Does this amount to an error law? In my opinion it does not. The relevant principles were most recently discussed in the New South Wales Court of Appeal in Randwick Municipal Council v. Manousaki (Unreported 26 September 1988). In the Judgment of Clarke J.A., (with which Hope J.A. and McHugh J.A. agreed), His Honour cites passages from Australian Gas Light Co. v. Valuer General (38 SR 126 at 138) and N.S.W. Associated Blue Metal Quarries v. Federal Commissioner of Taxation (94 CLR 509 at 54-512). He went on to say:-

"On the other hand perverse or unreasonable findings of fact do not constitute errors of law (Clark v Flannagan, 52 CLR 416; McPhee v S Bennett Ltd, 52 WN 8, at 9; Poricanin v Australian Consolidated Industries Ltd, (1979) 2 NSWLR 419, at 426; Azzopardi v Tasman UEB Industries Ltd, (1985) 4 NSWLR 139, at 155; Mahony v Industrial Registrar New South Wales, (1986) 8 NSWLR 1, at 3 and 5). Even if the reasoning whereby a court or tribunal reached its conclusion of fact were demonstrably unsound this would not amount to an error of law (Reg v District Court; ex parte White, 116 CLR 644, at 654).

It is also clear that questions of the weight, or relative significance, to be accorded to particular facts falls for consideration once it has been determined that different conclusions are reasonably open and are themselves questions of fact (Mahony v Industrial Registrar of NSW, (1986) 8 NSWLR 1, at 4, per Samuels JA)."

Applying those decisions to the instant case I can discern no error of law. The Assessor undoubtedly placed more weight and significance on some facts than others. This was for him to determine. It cannot be said, in my opinion, that the conclusion reached was not reasonably open to him.
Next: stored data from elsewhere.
(* Let $S$ be a poset and let $S\otimes_i G_i$ and $S\otimes_i H_i$ be terminating ordered joins in the same shape $S$. Suppose $i_0\in S$ is a maximal element of $S$ and $G_i=H_i$ for all $i\neq i_0$. If $G_{i_0}\not\simeq_0 H_{i_0}$, then $S\otimes_i G_i \not\simeq_0 S\otimes_i H_i$. (Together with the special substitution theorem: $S\otimes_i G_i\simeq_0 S\otimes_i H_i$ if and only if $G_{i_0}\simeq_0 H_{i_0}$.)
   Context: All games are impartial combinatorial games under normal play; a game is determined by its set of options, and $G \to G'$ means $G'$ is an option of $G$. A game is terminating if it admits no infinite sequence of moves. $\mathbf{0}$ denotes the game with no options. The Grundy number of a terminating game $G$ is the ordinal $\Gamma_0(G)=\operatorname{mex}\{\Gamma_0(G') : G\to G'\}$, where $\operatorname{mex}\Lambda$ is the least ordinal not in the set of ordinals $\Lambda$. Games $G,H$ are $0$-equivalent, $G\simeq_0 H$, if $\Gamma_0(G)=\Gamma_0(H)$. Ordered join: for a poset $S$ and a family $(G_i)_{i\in S}$ of games, $S \otimes_i G_i$ is the game whose options are exactly the ordered joins $S \otimes_i G'_i$ obtained by choosing one $i_0\in S$ and an option $G_{i_0}\to G'_{i_0}$, and setting $G'_i=\mathbf{0}$ for all $i>i_0$ and $G'_i=G_i$ for all other $i\ne i_0$. *)

From mathcomp Require Import all_boot all_order.
From Stdlib Require Import Relations.Relation_Operators.

Set Implicit Arguments.
Unset Strict Implicit.
Unset Printing Implicit Defensive.
Import Order.TTheory.
Local Open Scope order_scope.

(* Ordinals, represented as well-founded trees (Aczel/Brouwer style): *)
(* the tree OL I f stands for the ordinal sup_i (f i + 1).            *)
(* Comparison is by rank; oeq is equality of the represented ordinals. *)
Inductive Ord : Type := OL : forall I : Type, (I -> Ord) -> Ord.

Fixpoint ole (o p : Ord) {struct o} : Prop :=
  match o, p with
  | OL _ f, OL _ g => forall i, exists j, ole (f i) (g j)
  end.

Definition oeq (o p : Ord) : Prop := ole o p /\ ole p o.

(* A set of ordinals is given by a predicate A closed under oeq.
   alpha is the mex of A: the least ordinal not in A. *)
Definition is_mex (A : Ord -> Prop) (alpha : Ord) : Prop :=
  ~ A alpha /\ forall beta, ~ A beta -> ole alpha beta.

(* Impartial games: positions of a game graph (P, mv); mv x y means    *)
(* y is an option of x.  A game is a position.                         *)
Section Games.
Variables (P : Type) (mv : P -> P -> Prop).

Definition terminating (x : P) : Prop := Acc (fun a b => mv b a) x.

Definition reach (x y : P) : Prop := clos_refl_trans P mv x y.

Definition option_values (gam : P -> Ord) (y : P) : Ord -> Prop :=
  fun beta => exists z, mv y z /\ oeq (gam z) beta.

Definition grundy_labeling (x : P) (gam : P -> Ord) : Prop :=
  forall y, reach x y -> is_mex (option_values gam y) (gam y).

Definition grundy (x : P) (alpha : Ord) : Prop :=
  exists gam, grundy_labeling x gam /\ oeq (gam x) alpha.
End Games.

Definition equiv0 (P1 P2 : Type) (mv1 : P1 -> P1 -> Prop) (mv2 : P2 -> P2 -> Prop)
  (x : P1) (y : P2) : Prop :=
  exists alpha beta, grundy mv1 x alpha /\ grundy mv2 y beta /\ oeq alpha beta.

(* Ordered join.  A position of S (x)_i G_i is a family F : S -> option P,*)
(* where None stands for the game 0 and Some x for the game x.          *)
Section OrderedJoin.
Context {d : Order.disp_t} (S : porderType d) (P : Type) (mv : P -> P -> Prop).

Definition join_move (F F' : S -> option P) : Prop :=
  exists i0 : S, exists x x' : P,
    [/\ F i0 = Some x, mv x x', F' i0 = Some x',
        (forall i, i0 < i -> F' i = None)
      & (forall i, i != i0 -> ~~ (i0 < i) -> F' i = F i)].

Definition ojoin (G : S -> P) : S -> option P := fun i => Some (G i).
End OrderedJoin.

From mathcomp Require Import all_boot all_order.
From Stdlib Require Import Relations.Relation_Operators Wellfounded.Transitive_Closure.
From Stdlib Require Import Classical FunctionalExtensionality.
Local Open Scope order_scope.
Set Implicit Arguments.
Unset Strict Implicit.

(* For the ordered join with i0 maximal, call two positions twins when they
   differ only at i0 and their i0-components have equal Grundy value.  By
   induction over the disjunctive sum of the two positions, twins have equal
   Grundy value (special substitution theorem): every option of one side is
   mirrored by an option of the other side of the same value, or itself has
   an option with the value of the other side.  Finally, if the
   i0-components have different values, say Gamma(G i0) < Gamma(H i0), then
   H i0 has an option of value Gamma(G i0); the corresponding option of the
   join of H is a twin of the join of G, so the two joins differ in value. *)

Definition olt (o p : Ord) : Prop := match p with OL _ g => exists j, ole o (g j) end.

Lemma ole_refl o : ole o o.
Proof. by elim: o => I f IH /= i; exists i. Qed.

Lemma ole_trans o p q : ole o p -> ole p q -> ole o q.
Proof.
elim: o p q => I f IH [J g] [K h] /= opq pq i.
have [j fg] := opq i; have [k gh] := pq j.
by exists k; apply: IH fg gh.
Qed.

Lemma ole_OL I (f : I -> Ord) p : ole (OL f) p <-> forall i, olt (f i) p.
Proof. by case: p. Qed.

Lemma olt_ole_trans o p q : olt o p -> ole p q -> olt o q.
Proof.
case: p q => J g [K h] /= [j og] gh.
have [k gk] := gh j; exists k; exact: ole_trans og gk.
Qed.

Lemma olt_irrefl o : ~ olt o o.
Proof. by elim: o => I f IH /= [j /ole_OL /(_ j)]; apply: IH. Qed.

Lemma olt_or_ole_both q : forall p, (olt p q \/ ole q p) /\ (olt q p \/ ole p q).
Proof.
elim: q => J g IHq; elim=> I f IHp; split.
- case: (classic (exists j, ole (OL f) (g j))) => [lt|nlt]; [by left | right].
  apply/ole_OL => j; have [_ [//|gf]] := IHq j (OL f).
  by case: nlt; exists j.
- case: (classic (exists i, ole (OL g) (f i))) => [lt|nlt]; [by left | right].
  apply/ole_OL => i; have [[//|fg] _] := IHp i.
  by case: nlt; exists i.
Qed.

Lemma olt_or_ole p q : olt p q \/ ole q p.
Proof. exact: (olt_or_ole_both q p).1. Qed.

Lemma oeq_refl o : oeq o o.
Proof. by split; apply: ole_refl. Qed.

Lemma oeq_sym o p : oeq o p -> oeq p o.
Proof. by case. Qed.

Lemma oeq_trans o p q : oeq o p -> oeq p q -> oeq o q.
Proof. by case=> op po [pq qp]; split; [apply: ole_trans op pq | apply: ole_trans qp po]. Qed.
Lemma Rword_low_word mu s nu (d : I -> int) : in_Worbit al av lam mu ->
  Rword R al av s (fun z => z = mu) nu -> lam - nu = \sum_i d i *: av i ->
  exists x (c : I -> int), [/\ (size x <= size s)%N, forall i, 0 <= c i,
    \sum_i c i <= \sum_i d i & lam - actY al av x mu = \sum_i c i *: av i].
Proof.
move=> [w mu_eq] nu_Rw lam_nu.
have [lp [lp_ok lp_sum1 nu_eq]] := Rword_orbit_comb nu_Rw.
have [||||p p_lp [c [c_ge0 lam_p] le_cd]] :=
  @exists_low_height R _ _ av av_free lp (fun x => lam - actY al av x mu) d.
- by apply/allP => p /(allP lp_ok) /andP[].
- exact: lp_sum1.
- by move=> p _; rewrite mu_eq -actY_cat; apply: dominant_sub_orbit.
- under eq_bigr do rewrite embB scalerBr.
  rewrite sumrB -scaler_suml lp_sum1 scale1r -nu_eq -embB lam_nu emb_sum.
  by apply: eq_bigr => i _; rewrite embZ.
exists p.2, c; split => //.
by have /andP[] := allP lp_ok p p_lp.
Qed.

End Finiteness.

Fixpoint words_upto (I : finType) (L : nat) : seq (seq I) :=
  if L is L'.+1 then [::] :: [seq i :: w | i <- enum I, w <- words_upto I L'] else [:: [::]].

Lemma mem_words_upto (I : finType) L (x : seq I) : (size x <= L)%N -> x \in words_upto I L.
Proof.
elim: L x => [|L IHL] [|i x] //= le_xL.
by rewrite in_cons; apply/orP; right; apply: allpairs_f; [rewrite mem_enum | apply: IHL].
Qed.

Section Candidates.
Variables (I : finType) (n : nat) (al av : I -> 'rV[int]_n).

Definition candidates (lam : 'rV[int]_n) (L N : nat) : seq 'rV[int]_n :=
  [seq actY al av (rev x) (lam - \sum_i (f i : nat)%:Z *: av i)
     | x : seq I <- words_upto I L, f : {ffun I -> 'I_N.+1} <- enum {ffun I -> 'I_N.+1}].

Lemma mem_candidates lam L N x (c : I -> int) : (size x <= L)%N -> (forall i, 0 <= c i <= N%:Z) ->
  actY al av (rev x) (lam - \sum_i c i *: av i) \in candidates lam L N.
Proof.
move=> le_xL c_bnd; pose f := [ffun i => inord `|c i|%N : 'I_N.+1].
have fE i : (f i : nat)%:Z = c i.
  have /andP[c_ge0 c_le] := c_bnd i.
  by rewrite ffunE inordK ?gez0_abs //; rewrite ltnS; lia.
under eq_bigr do rewrite -fE.
by apply: allpairs_f; [apply: mem_words_upto | rewrite mem_enum].
Qed.

End Candidates.

Theorem mainTheorem10 (R : realFieldType) (I : finType) (n : nat)
    (a : I -> I -> int) (al av : I -> 'rV[int]_n) :
  is_GCM a ->
  free_family av ->
  (forall i j, dotv (al j) (av i) = a i j) ->
  forall (lam nu : 'rV[int]_n) (u : seq I),
    Ypp al lam ->
    Yp R al av nu ->
    exists l : seq 'rV[int]_n,
      forall mu, in_Worbit al av lam mu -> Rw R al av u mu nu -> mu \in l.
Proof.
move=> [a_diag [a_le0 a_eq0]] av_free al_av lam nu u lam_dom _.
have GCM : is_GCM (fun i j => dotv (al j) (av i)).
  by split; [|split] => *; rewrite ?al_av; auto.
case: (classic (inQv av (lam - nu))) => [[d lam_nu] | not_Qv]; last first.
  by exists [::] => mu mu_orb [s [_ nu_Rw]]; case: not_Qv; apply: Rword_orbit_subQv nu_Rw.
exists (candidates al av lam (size u) (absz (\sum_i d i))) => mu mu_orb [s [[_ s_min] nu_Rw]].
have [x [c [le_xs c_ge0 le_cd lam_x]]] := Rword_low_word GCM av_free lam_dom mu_orb nu_Rw lam_nu.
have -> : mu = actY al av (rev x) (lam - \sum_i c i *: av i).
  by rewrite -lam_x opprB addrC subrK actY_rev //; apply: pairing_diag.
apply: mem_candidates => [|i]; first exact: leq_trans le_xs (s_min u (fun=> erefl)).
rewrite c_ge0 abszE /=; apply: le_trans (le_trans le_cd (ler_norm _)).
by rewrite (bigD1 i) //= lerDl sumr_ge0.
Qed.
(* Let $F$ be the $2$-dimensional cellular automaton with state set $Q_F=\{0,\leftarrow,\downarrow,\leftarrow\!\!\!\!\downarrow\}$, neighborhood $\{(0,0),(0,1),(1,0)\}$, and local rule $f(\text{center},\text{north},\text{east})$ given by $f(0,\downarrow,0)=\downarrow$, $f(0,0,\leftarrow)=\leftarrow$, $f(0,\ast,\leftarrow\!\!\!\!\downarrow)=\leftarrow$, $f(\downarrow,\ast,\leftarrow)=\leftarrow\!\!\!\!\downarrow$, and $f(a,\ast,\ast)=a$ in all other cases (where $\ast$ denotes any state, north is the cell at offset $(0,1)$ and east the cell at offset $(1,0)$). Then no $2$-dimensional freezing cellular automaton with neighborhood $\mathrm{VN}_2$ which is $1$-change can simulate $F$. Consequently, there is no $1$-change freezing cellular automaton with neighborhood $\mathrm{VN}_2$ which simulates every $2$-dimensional freezing cellular automaton with neighborhood $\mathrm{VN}_2$.
   Context: A $d$-dimensional cellular automaton (CA) is $F=(d,Q,N,f)$ with $Q$ finite, $N\subset\mathbb{Z}^d$ finite, $f:Q^N\to Q$, global map $F(c)_z=f(c|_{z+N})$. A CA is freezing if there is a partial order $\preceq$ on $Q$ with $F(c)_z\preceq c_z$ for all $c,z$. A CA is $k$-change if in every orbit every cell changes state at most $k$ times. $\mathrm{VN}_2=\{(0,0),(\pm1,0),(0,\pm1)\}$. Simulation: $U$ simulates $G$ (same dimension $d$) if there exist $T>0$, a rectangular block $B\subseteq\mathbb{Z}^d$ with size-vector $b$, a finite $C\subset\mathbb{Z}^d$ with $\vec0\in C$, and $\phi:Q_G^C\to Q_U^B$ such that $\bar\phi(c)_{bz+r}=\phi(c|_{z+C})_r$ ($bz$ componentwise) defines an injective map $\bar\phi$ with $\bar\phi(G(c))=U^T(\bar\phi(c))$ for all $c$. *)

From HB Require Import structures.
From mathcomp Require Import all_boot all_order all_algebra.
Set Implicit Arguments. Unset Strict Implicit. Unset Printing Implicit Defensive.
Import GRing.Theory Num.Theory.
Local Open Scope ring_scope.

Definition cell := (int * int)%type.
Definition cadd (z v : cell) : cell := (z.1 + v.1, z.2 + v.2).

(** A 2-dimensional cellular automaton F = (2, Q, N, f):
    state set [st] (finite), neighborhood [nb] (a finite list of vectors of Z^2,
    listed without repetition), and local rule f : Q^N -> Q, where Q^N is
    represented by finite functions indexed by positions in [nb]. *)
Record CA2 := MkCA2 {
  st : finType;
  nb : seq cell;
  nb_uniq : uniq nb;
  loc : {ffun 'I_(size nb) -> st} -> st }.

Definition config (A : CA2) := cell -> st A.

Definition glob (A : CA2) (c : config A) : config A :=
  fun z => @loc A [ffun i : 'I_(size (@nb A)) => c (cadd z (nth (0, 0) (@nb A) i))].

Definition freezing (A : CA2) : Prop :=
  exists le : rel (st A),
    [/\ reflexive le, antisymmetric le, transitive le &
        forall (c : config A) (z : cell), le (glob c z) (c z)].

Definition k_change (k : nat) (A : CA2) : Prop :=
  forall (c : config A) (z : cell) (n : nat),
    (\sum_(t < n) (iter t.+1 (@glob A) c z != iter t (@glob A) c z) <= k)%N.

Definition VN2 : seq cell := [:: (0, 0); (1, 0); (-1, 0); (0, 1); (0, -1)].

Definition simulates (U G : CA2) : Prop :=
  exists (T b1 b2 : nat) (C : seq cell)
         (phi : {ffun 'I_(size C) -> st G} -> {ffun 'I_b1 * 'I_b2 -> st U})
         (barphi : config G -> config U),
    [/\ (0 < T)%N, (0 < b1)%N, (0 < b2)%N, uniq C & (0, 0) \in C] /\
    [/\ (forall (c : config G) (z : cell) (r1 : 'I_b1) (r2 : 'I_b2),
           barphi c ((b1%:Z) * z.1 + (r1 : nat)%:Z, (b2%:Z) * z.2 + (r2 : nat)%:Z)
           = phi [ffun i : 'I_(size C) => c (cadd z (nth (0, 0) C i))] (r1, r2)),
        (forall c1 c2 : config G,
           (forall x, barphi c1 x = barphi c2 x) -> forall x, c1 x = c2 x) &
        (forall (c : config G) (x : cell),
           barphi (glob c) x = iter T (@glob U) (barphi c) x)].

Inductive QF := Q0 | QL | QD | QLD.
(* Let $k$ be a field, $R=k[x_1,\ldots,x_n]$, and let $I$ be an almost reverse lexicographic ideal whose last generator is $M_\omega=x_1^{\omega_1}\cdots x_\mu^{\omega_\mu}$ with $\omega_\mu>0$, $\mu\ge2$. Let $1\le i\le\mu-1$. For every $\alpha\in\mathcal{I}_{i-1}$ and every $\beta\in\mathcal{I}_i$, \[|\alpha|+f_i(\alpha)\le f_i(0)\le|\beta|+f_{i+1}(\beta),\] where $0\in\mathbb{Z}^{i-1}$ is the zero tuple. In particular, if $N,M\in\mathcal{G}(I)$ with $\max N<\max M$, then $\deg N\le\deg M$.
   Context: Monomial order: degree reverse lexicographic: for $M=x^\alpha,N=x^\beta$, $M>N$ iff $\deg M>\deg N$, or degrees are equal and for the largest $s$ with $\alpha_s\neq\beta_s$ one has $\alpha_s<\beta_s$. For $\alpha\in\mathbb{Z}^s_{\ge0}$, $x^\alpha=x_1^{\alpha_1}\cdots x_s^{\alpha_s}$, $|\alpha|=\sum\alpha_j$, and $\alpha\le\beta$ iff $x^\alpha\le x^\beta$. Almost reverse lexicographic: for every monomial $M$ and every minimal monomial generator $N$ of $I$ with $\deg M=\deg N$ and $M>N$, $M\in I$. $\mathcal{G}(I)$ is the minimal monomial generating set; $\max M$ is the largest $i$ with $x_i\mid M$. The last generator $M_\omega$ is the element of $\mathcal{G}(I)$ of maximal degree that is smallest in the order among elements of $\mathcal{G}(I)$ of that degree; $\mu=\max M_\omega$. $f_1=\min\{t:x_1^t\in I\}$; for $2\le i\le\mu$, $\alpha\in\mathbb{Z}^{i-1}_{\ge0}$, $f_i(\alpha)=\min\{t\ge0:x^\alpha x_i^t\in I\}$. For $1\le i\le\mu-2$, $\mathcal{I}_i=\{(\alpha_1,\ldots,\alpha_i)\in\mathbb{Z}^i_{\ge0}: 0\le\alpha_1<f_1,\ 0\le\alpha_j<f_j(\alpha_1,\ldots,\alpha_{j-1})\ (2\le j\le i)\}$, and $\mathcal{I}_{\mu-1}$ is the set of $(\alpha_1,\ldots,\alpha_{\mu-1})$ satisfying these inequalities for $j\le\mu-1$ together with $(\alpha_1,\ldots,\alpha_{\mu-1})\ge(\omega_1,\ldots,\omega_{\mu-1})$. Convention: $\mathcal{I}_0$ consists of the empty tuple $0\in\mathbb{Z}^0$, with $|0|=0$ and $f_1(0)=f_1$. *)

From mathcomp Require Import all_boot all_algebra.
From mathcomp Require Import mpoly.
From Stdlib Require Import ClassicalEpsilon.

Set Implicit Arguments.
Unset Strict Implicit.
Unset Printing Implicit Defensive.

Import GRing.Theory.
Local Open Scope ring_scope.

(* Variables: x_1,...,x_n correspond to the indices 0,...,n-1 of 'I_n.
   A monomial x^a is 'X_[a] with a : 'X_{1..n}; its degree is mdeg a. *)

Section MonomialIdeals.
Variables (k : fieldType) (n : nat).

Definition is_ideal (I : {pred {mpoly k[n]}}) : Prop :=
  [/\ 0 \in I,
      (forall p q, p \in I -> q \in I -> p + q \in I) &
      (forall r p, p \in I -> r * p \in I)].

(* monomial ideal: an ideal generated by monomials, equivalently an ideal
   containing every monomial occurring in each of its elements *)
Definition is_monomial_ideal (I : {pred {mpoly k[n]}}) : Prop :=
  is_ideal I /\ (forall p, p \in I -> forall m, m \in msupp p -> 'X_[m] \in I).

Definition revlex_gt (a b : 'X_{1..n}) : bool :=
  (mdeg b < mdeg a)%N ||
  ((mdeg a == mdeg b) &&
   [exists s : 'I_n, (a s < b s)%N &&
                     [forall t : 'I_n, (s < t)%N ==> (a t == b t)]]).

Definition revlex_ge (a b : 'X_{1..n}) : bool := (a == b) || revlex_gt a b.

Definition mdiv (a b : 'X_{1..n}) : bool := [forall i : 'I_n, (a i <= b i)%N].

Definition mingen (I : {pred {mpoly k[n]}}) (m : 'X_{1..n}) : Prop :=
  'X_[m] \in I /\ (forall m', 'X_[m'] \in I -> mdiv m' m -> m' = m).

Definition almost_revlex (I : {pred {mpoly k[n]}}) : Prop :=
  forall M N : 'X_{1..n}, mingen I N -> mdeg M = mdeg N -> revlex_gt M N ->
    'X_[M] \in I.

Definition last_generator (I : {pred {mpoly k[n]}}) (w : 'X_{1..n}) : Prop :=
  [/\ mingen I w,
      (forall N, mingen I N -> (mdeg N <= mdeg w)%N) &
      (forall N, mingen I N -> mdeg N = mdeg w -> N <> w -> revlex_gt N w)].

(* max M : largest (1-based) i with x_i | M, 0 for M = 1 *)
Definition maxvar (m : 'X_{1..n}) : nat := \max_(i < n | (0 < m i)%N) i.+1.

(* the tuple (a_1,...,a_j), viewed as a monomial in x_1..x_j *)
Definition trunc (j : nat) (a : 'X_{1..n}) : 'X_{1..n} :=
  [multinom (if (i < j)%N then a i else 0%N) | i < n].

(* x^a * x_i^t  (i is 1-based) *)
Definition mulxi (a : 'X_{1..n}) (i t : nat) : 'X_{1..n} :=
  [multinom (a j + (if (j.+1 == i)%N then t else 0%N))%N | j < n].

(* f_i(a) = min{t >= 0 : x^a x_i^t \in I}  (0 if no such t; junk value) *)
Definition fI (I : {pred {mpoly k[n]}}) (i : nat) (a : 'X_{1..n}) : nat :=
  match excluded_middle_informative
          (exists t : nat, 'X_[mulxi a i t] \in I) with
  | left ex => ex_minn ex
  | right _ => 0%N
  end.

(* the set \mathcal{I}_j (j >= 0), tuples of length j encoded as monomials
   supported on x_1..x_j; mu = max M_w *)
Definition calI (I : {pred {mpoly k[n]}}) (w : 'X_{1..n}) (mu j : nat)
    (a : 'X_{1..n}) : Prop :=
  [/\ forall l : 'I_n, (j <= l)%N -> a l = 0%N,
      forall l : 'I_n, (l < j)%N -> (a l < fI I l.+1 (trunc l a))%N &
      (j = mu.-1 -> revlex_ge a (trunc mu.-1 w))].

End MonomialIdeals.

From mathcomp Require Import all_boot all_algebra.
From mathcomp Require Import mpoly.
From mathcomp Require Import zify.
From Stdlib Require Import Classical ClassicalEpsilon.

Set Implicit Arguments.
Unset Strict Implicit.
Unset Printing Implicit Defensive.

(* The almost reverse lexicographic property yields a criterion for membership:
   if N is a minimal generator, deg m >= deg N, both x^m and N involve only
   x_1, ..., x_j, and the exponent of x_j in m is smaller than in N, then some
   divisor of x^m of degree deg N is revlex-larger than N, so x^m lies in I.
   Applied to the pure power x_i^(f_i(0)), which is a minimal generator, this
   bounds |a| + f_i(a).  Applied to a minimal generator N dividing
   x^b x_(i+1)^(f_(i+1)(b)), it shows that deg N >= f_i(0) unless x^b is
   already in I.  The same criterion, applied to the last generator M_w and to
   the bound b >= (w_1, ..., w_(mu-1)), shows that f_mu(b) is well defined, and
   applied to two minimal generators it gives the comparison of degrees. *)

Section Monomials.
Variable n : nat.
Implicit Types a b c m : 'X_{1..n}.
The Council submits that the Assessor misconceived the role of the determining authority under s.313. It is submitted that he failed to objectively assess the impact of the proposal on the adjoining land and buildings. I disagree. It seems to me from his reasons that he did assess the evidence before him. In my view the complaints about the Assessor's approach are really directed to the weight he attached to certain aspects of the evidence over others. As I have said these were matters for the Assessor. That I (or others) might disagree or come to a different conclusion on the facts is quite beside the point.

It is also submitted that the Assessor misconceived the public interest involved. This is put because the Assessor stated that the evidence raised no matters of public interest and then proceeded to categorise the Council's case in opposition as relating to "the private interests .... (of).... two properties". It must be noted that the decision was an extemporary one given at the conclusion of the evidence and addresses. The words used by the Assessor should not be scrutinised with a "fine-tooth comb". The correct approach is to give a fair reading to the words used. When this is done it becomes clear that the Assessor did not fall into any error of law in his categorisation of the interests involved. In any event, a reasonable reading of his reasons shows that he did consider the public interest, e.g., the tree cover and the loss of 2 liquidambars, the effect on No. 15A and No. 137A as well as other matters. In my opinion the Assessor did not apply any erroneous test in his consideration of the matters requi


red by s.313(1) of the Local Govermment Act, and in particular paragraph (o) thereof. I can discern no error of law.

The appeal is therefore dismissed with costs. The order allowing the appeal made by the Assessor is confirmed. The exhibits may be returned.